All lines below containing the string "finType" are to be copied.
═══ DATA EXTRACTS ═══
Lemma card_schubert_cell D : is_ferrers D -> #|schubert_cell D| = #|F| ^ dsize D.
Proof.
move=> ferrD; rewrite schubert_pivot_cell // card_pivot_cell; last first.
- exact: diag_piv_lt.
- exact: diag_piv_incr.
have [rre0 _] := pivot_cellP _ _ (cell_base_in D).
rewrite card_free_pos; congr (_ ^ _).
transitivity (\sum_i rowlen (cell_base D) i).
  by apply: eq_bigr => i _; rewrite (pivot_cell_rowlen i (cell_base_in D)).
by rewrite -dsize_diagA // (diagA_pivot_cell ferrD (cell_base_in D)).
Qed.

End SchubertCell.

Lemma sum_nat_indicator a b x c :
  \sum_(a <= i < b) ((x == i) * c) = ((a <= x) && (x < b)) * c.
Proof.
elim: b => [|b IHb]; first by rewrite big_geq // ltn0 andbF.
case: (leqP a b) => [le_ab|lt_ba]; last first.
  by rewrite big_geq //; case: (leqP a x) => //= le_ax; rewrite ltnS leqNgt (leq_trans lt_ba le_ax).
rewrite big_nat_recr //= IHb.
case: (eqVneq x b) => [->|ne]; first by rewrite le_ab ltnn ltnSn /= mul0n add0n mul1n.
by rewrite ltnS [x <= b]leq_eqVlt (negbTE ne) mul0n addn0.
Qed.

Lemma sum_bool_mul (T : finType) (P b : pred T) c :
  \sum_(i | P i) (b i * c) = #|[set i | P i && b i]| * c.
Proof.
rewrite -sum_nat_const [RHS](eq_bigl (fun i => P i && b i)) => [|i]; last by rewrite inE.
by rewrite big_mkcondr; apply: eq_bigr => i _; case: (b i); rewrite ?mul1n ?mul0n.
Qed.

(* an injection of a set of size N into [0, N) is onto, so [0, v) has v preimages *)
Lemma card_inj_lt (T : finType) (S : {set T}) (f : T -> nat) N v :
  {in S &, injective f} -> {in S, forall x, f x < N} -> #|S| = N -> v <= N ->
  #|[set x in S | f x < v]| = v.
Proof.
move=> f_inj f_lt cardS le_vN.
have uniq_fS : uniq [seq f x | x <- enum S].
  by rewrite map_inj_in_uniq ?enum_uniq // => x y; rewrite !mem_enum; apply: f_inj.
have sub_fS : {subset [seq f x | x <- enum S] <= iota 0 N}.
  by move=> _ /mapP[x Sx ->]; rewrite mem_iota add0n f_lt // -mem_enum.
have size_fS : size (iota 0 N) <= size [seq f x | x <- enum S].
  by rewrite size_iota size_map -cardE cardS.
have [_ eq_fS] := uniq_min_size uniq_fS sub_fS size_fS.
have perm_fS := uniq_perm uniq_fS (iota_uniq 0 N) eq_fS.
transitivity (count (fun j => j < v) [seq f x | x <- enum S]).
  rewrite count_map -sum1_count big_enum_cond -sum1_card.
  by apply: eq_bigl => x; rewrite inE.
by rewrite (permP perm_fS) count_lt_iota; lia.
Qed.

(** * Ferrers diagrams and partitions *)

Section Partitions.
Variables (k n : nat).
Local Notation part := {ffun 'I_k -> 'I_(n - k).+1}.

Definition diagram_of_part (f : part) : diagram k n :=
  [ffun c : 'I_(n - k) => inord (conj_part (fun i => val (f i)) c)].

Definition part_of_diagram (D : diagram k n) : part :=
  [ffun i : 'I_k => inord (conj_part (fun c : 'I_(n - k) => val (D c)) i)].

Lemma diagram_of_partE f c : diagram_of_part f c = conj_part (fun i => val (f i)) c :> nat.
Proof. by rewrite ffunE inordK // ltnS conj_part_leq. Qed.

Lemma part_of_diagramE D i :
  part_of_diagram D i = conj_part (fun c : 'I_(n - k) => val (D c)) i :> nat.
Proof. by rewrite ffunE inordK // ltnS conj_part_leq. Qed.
═══
═══ DATA EXTRACTS ═══
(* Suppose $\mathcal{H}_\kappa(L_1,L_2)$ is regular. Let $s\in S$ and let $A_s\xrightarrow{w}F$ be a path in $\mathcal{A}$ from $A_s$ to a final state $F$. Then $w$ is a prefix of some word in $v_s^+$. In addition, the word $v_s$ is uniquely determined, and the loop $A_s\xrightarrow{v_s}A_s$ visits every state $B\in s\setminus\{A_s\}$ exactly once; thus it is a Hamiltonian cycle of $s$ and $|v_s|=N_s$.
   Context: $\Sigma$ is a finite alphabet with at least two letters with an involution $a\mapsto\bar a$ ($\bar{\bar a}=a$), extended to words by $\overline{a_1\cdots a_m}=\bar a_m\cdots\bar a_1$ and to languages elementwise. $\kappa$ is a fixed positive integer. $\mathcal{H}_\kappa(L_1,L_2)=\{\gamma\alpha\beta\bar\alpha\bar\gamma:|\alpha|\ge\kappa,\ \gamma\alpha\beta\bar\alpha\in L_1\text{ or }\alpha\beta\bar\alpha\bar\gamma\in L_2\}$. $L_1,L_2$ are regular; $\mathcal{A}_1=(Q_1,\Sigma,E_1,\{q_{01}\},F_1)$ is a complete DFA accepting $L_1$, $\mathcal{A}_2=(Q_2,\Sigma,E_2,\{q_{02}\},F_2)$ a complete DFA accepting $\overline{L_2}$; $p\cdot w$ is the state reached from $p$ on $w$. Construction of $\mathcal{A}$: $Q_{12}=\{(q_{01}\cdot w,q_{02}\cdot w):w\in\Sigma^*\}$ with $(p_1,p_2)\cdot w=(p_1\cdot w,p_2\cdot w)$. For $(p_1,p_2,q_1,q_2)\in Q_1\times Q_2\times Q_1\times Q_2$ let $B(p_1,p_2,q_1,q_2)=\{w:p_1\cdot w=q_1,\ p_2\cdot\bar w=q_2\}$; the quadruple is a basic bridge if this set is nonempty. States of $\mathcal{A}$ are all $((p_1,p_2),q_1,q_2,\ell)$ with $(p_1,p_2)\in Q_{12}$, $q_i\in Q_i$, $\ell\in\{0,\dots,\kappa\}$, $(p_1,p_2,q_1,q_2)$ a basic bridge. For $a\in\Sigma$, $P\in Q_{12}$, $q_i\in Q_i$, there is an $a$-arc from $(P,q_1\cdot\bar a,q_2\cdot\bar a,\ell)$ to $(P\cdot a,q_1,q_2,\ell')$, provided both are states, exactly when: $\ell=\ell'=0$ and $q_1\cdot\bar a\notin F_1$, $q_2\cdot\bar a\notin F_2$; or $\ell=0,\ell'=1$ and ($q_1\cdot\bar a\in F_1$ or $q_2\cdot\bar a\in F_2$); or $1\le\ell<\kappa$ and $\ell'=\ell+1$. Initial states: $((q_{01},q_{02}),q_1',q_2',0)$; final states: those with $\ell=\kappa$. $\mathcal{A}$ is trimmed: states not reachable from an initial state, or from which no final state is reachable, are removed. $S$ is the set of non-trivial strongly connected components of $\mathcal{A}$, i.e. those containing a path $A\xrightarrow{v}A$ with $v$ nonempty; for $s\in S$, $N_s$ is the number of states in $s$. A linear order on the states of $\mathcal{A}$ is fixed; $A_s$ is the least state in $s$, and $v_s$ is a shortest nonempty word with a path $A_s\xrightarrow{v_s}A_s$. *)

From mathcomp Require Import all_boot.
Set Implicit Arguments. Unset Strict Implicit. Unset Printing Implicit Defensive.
═══
» TASK RESULT:
Lemma sum_bool_mul (T : finType) (P b : pred T) c :
Lemma card_inj_lt (T : finType) (S : {set T}) (f : T -> nat) N v :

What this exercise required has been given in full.